Now, the sole question at the close of the case for the prosecution is whether or
not a prima facie case has been made out, that is to say, whether there is some
evidence (not inherently incredible) which, if believed, establishes the essential
elements of the offence charged. If there is such evidence, then the defence must
be called but care must be taken to leave suspended the question of the veracity
428
[1999] 1 CLJ
and accuracy of recollection of witnesses until after the close of the case for the
defence. This applies even where, as here, the defence elects to remain silent and
calls no evidence. Consequently, in a proper case, there is nothing illegal in a
Magistrate or a President, or a judge sitting alone or with assessors, calling for
the defence upon prima facie evidence being adduced and then proceeding to acquit
and discharge even when the accused elects to remain silent and to call no evidence
if not satisfied that the charge has been established by the prosecution beyond all
reasonable doubt.
The only evidence that the learned Sessions Court judge evaluated at the end of
the whole case was the evidence relating to the defence of alibi. With regard to
the elements to be proved by the prosecution, in particular, the evidence relating
to the identification of the accused, the evaluation done by him was only at the
end of the case for the prosecution to rule that a prima facie had been made out.
He did not evaluate them at the end of the whole case in order to determine
whether they had been proved beyond reasonable doubt. His mere finding at the
end of the case for the defence that the prosecution has proved its case beyond
reasonable doubt is, in my opinion, insufficient to show that there has been an
evaluation on the accuracy and veracity of the evidence as required. He has
therefore failed to comply with the mandatory requirements of the Code with
regard to the burden of proof on the prosecution. This defect is not curable.
It is my view that the learned Sessions Court judge fell into this error by having
his grounds of judgment in three parts. Quite apart from contributing to the error
made by him it is also wrong in law to have grounds of judgment written in that
manner. All three parts of the judgment ought to have been combined to form
the grounds of judgment instead of leaving some parts in the notes of evidence.

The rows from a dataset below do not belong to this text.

(* Let $G_1,\ldots,G_k$ be connected graphs whose vertex sets are pairwise disjoint except that a vertex $a$ belongs to every $G_i$. Suppose that no $G_i$ is $a$-outer geometric 1-planar and that each $G_i$ has at most $m$ edges. If $k\ge m+2$, then $\bigcup_{i=1}^k G_i$ is not geometric 1-planar.
   Context: Graphs are finite and simple. An embedding of a graph maps vertices to distinct points of $\mathbb{R}^2$ and each edge to a Jordan arc between its endpoints, such that edges intersect only at common endpoints or in proper crossings. An embedding is 1-planar if every edge is crossed at most once, and geometric if every edge is a straight-line segment; a graph is geometric 1-planar if it has a geometric 1-planar embedding. The outer region of an embedding is the unbounded connected component of $\mathbb{R}^2$ minus the union of all edge arcs. $G$ is $a$-outer geometric 1-planar if it has a geometric 1-planar embedding in which $a$ lies on the outer region. *)

From HB Require Import structures.
From mathcomp Require Import all_boot all_order all_algebra.
From mathcomp Require Import all_classical all_reals all_analysis.
From mathcomp Require Import Rstruct Rstruct_topology.
Set Implicit Arguments. Unset Strict Implicit. Unset Printing Implicit Defensive.
Import Order.TTheory GRing.Theory Num.Theory.
Local Open Scope ring_scope.

Notation RR := Rdefinitions.R.
Definition point := (RR * RR)%type.

Record sgraph (T : finType) := SGraph { gV : {set T}; gE : rel T }.

Definition simple_graph (T : finType) (G : sgraph T) : Prop :=
  [/\ symmetric (gE G), irreflexive (gE G) &
      forall x y, gE G x y -> x \in gV G /\ y \in gV G].

Definition edges (T : finType) (G : sgraph T) : {set {set T}} :=
  [set [set x; y] | x in gV G, y in gV G & gE G x y].

Definition gconnected (T : finType) (G : sgraph T) : Prop :=
  forall x y, x \in gV G -> y \in gV G -> connect (gE G) x y.

Definition gunion (T : finType) (k : nat) (Gs : 'I_k -> sgraph T) : sgraph T :=
  SGraph (\bigcup_(i < k) gV (Gs i)) (fun x y => [exists i, gE (Gs i) x y]).

Definition seg (P Q : point) : set point :=
  [set X | exists2 t : RR, 0 <= t <= 1 &
     X = (P.1 + t * (Q.1 - P.1), P.2 + t * (Q.2 - P.2))]%classic.
Definition oseg (P Q : point) : set point :=
  [set X | exists2 t : RR, 0 < t < 1 &
     X = (P.1 + t * (Q.1 - P.1), P.2 + t * (Q.2 - P.2))]%classic.

Section Embedding.
Variables (T : finType) (G : sgraph T) (p : T -> point).

Definition crossing (u v x y : T) : Prop :=
  [disjoint [set u; v] & [set x; y]] /\
  exists z0, ((seg (p u) (p v) `&` seg (p x) (p y)) = [set z0])%classic /\
             oseg (p u) (p v) z0 /\ oseg (p x) (p y) z0.

Definition geo_embedding : Prop :=
  [/\ {in gV G &, injective p},
      (forall u v w, gE G u v -> w \in gV G -> ~ oseg (p u) (p v) (p w)) &
      (forall u v x y, gE G u v -> gE G x y -> [set u; v] != [set x; y] ->
         forall z, seg (p u) (p v) z -> seg (p x) (p y) z ->
           (exists2 w, w \in [set u; v] :&: [set x; y] & z = p w)
           \/ crossing u v x y)].

Definition one_planar_emb : Prop :=
  forall u v x y x' y', gE G u v -> gE G x y -> gE G x' y' ->
    crossing u v x y -> crossing u v x' y' -> [set x; y] = [set x'; y'].

Definition geo_1planar_emb : Prop := geo_embedding /\ one_planar_emb.

Definition drawing : set point :=
  [set z | exists u v, gE G u v /\ seg (p u) (p v) z]%classic.

Definition unbounded (C : set point) : Prop :=
  forall M : RR, exists2 z, C z & M < Num.max `|z.1| `|z.2|.

Definition on_outer_region (a : T) : Prop :=
  exists z, (~` drawing)%classic z /\
    unbounded (connected_component (~` drawing)%classic z) /\
    closure (connected_component (~` drawing)%classic z) (p a).
End Embedding.

Definition geometric_1planar (T : finType) (G : sgraph T) : Prop :=
  exists p : T -> point, geo_1planar_emb G p.

Definition outer_geometric_1planar (T : finType) (G : sgraph T) (a : T) : Prop :=
  exists p : T -> point, geo_1planar_emb G p /\ on_outer_region G p a.

(* Let w be a rightmost vertex in a geometric 1-planar drawing of the union;
   the horizontal ray leaving w to the right meets no edge.  If w = a, this ray
   shows that a is on the outer region of every G_i.  Otherwise w lies in some
   G_i.  Two other graphs G_j, G_j' cannot cross the same edge of G_i: by
   1-planarity the two crossing edges would coincide and so have both ends in
   G_j and G_j', i.e. both ends equal to a.  Hence at most m <= k - 2 of the
   other graphs cross G_i, and some G_j is not crossed by G_i at all.  A walk in
   G_i from w to a then avoids the drawing of G_j except at a itself, so a lies
   in the closure of the unbounded face of G_j containing the ray. *)

From Pilot Require Import Defs.
From HB Require Import structures.
From mathcomp Require Import all_boot all_order all_algebra.
From mathcomp Require Import all_classical all_reals all_analysis.
From mathcomp Require Import Rstruct Rstruct_topology.
From mathcomp.algebra_tactics Require Import ring lra.
From mathcomp Require Import zify.

Set Implicit Arguments. Unset Strict Implicit. Unset Printing Implicit Defensive.
Import Order.TTheory GRing.Theory Num.Theory.
Local Open Scope ring_scope.

Section Segments.
Local Open Scope classical_set_scope.

Definition lin (P Q : Defs.point) (t : RR) : Defs.point :=
  (P.1 + t * (Q.1 - P.1), P.2 + t * (Q.2 - P.2)).

Definition east (P : Defs.point) : Defs.point := (P.1 + 1, P.2).

Lemma lin0 P Q : lin P Q 0 = P.
Proof. by case: P => x y; rewrite /lin !mul0r !addr0. Qed.

Lemma lin1 P Q : lin P Q 1 = Q.
Proof. by case: P => x y; case: Q => u v; rewrite /lin !mul1r /= !subrKC. Qed.

Lemma lin_lin P Q s1 s2 u :
  lin (lin P Q s1) (lin P Q s2) u = lin P Q (s1 + u * (s2 - s1)).
Proof. by rewrite /lin /=; congr (_, _); ring. Qed.

Lemma seg_lin P Q t : 0 <= t <= 1 -> seg P Q (lin P Q t).
Proof. by exists t. Qed.

Lemma seg_sym P Q : seg P Q = seg Q P.
Proof.
by apply/seteqP; split => z [t /andP[t0 t1] ->]; exists (1 - t);
  [apply/andP; split; lra | congr (_, _); ring | apply/andP; split; lra
  | congr (_, _); ring].
Qed.

Lemma oseg_sym P Q : oseg P Q = oseg Q P.
Proof.
by apply/seteqP; split => z [t /andP[t0 t1] ->]; exists (1 - t);
  [apply/andP; split; lra | congr (_, _); ring | apply/andP; split; lra
  | congr (_, _); ring].
Qed.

An appellant is entitled to a signed copy of the grounds of decision in accordance
with s. 307(3) of the Code. This, to my mind, refers to the entire grounds and
not merely to a part. This is necessary to enable the appellant to file his petition
of appeal within the prescribed time. He would be unable to do so if certain
parts of the judgment are contained in the notes of evidence for which he had
not applied and, as a result, not supplied to him.
In the light of the views that I have expressed the conviction and sentence of the
accused cannot be sustained. Accordingly, I quash the conviction and sentence
imposed on him and order that he be acquitted and discharged.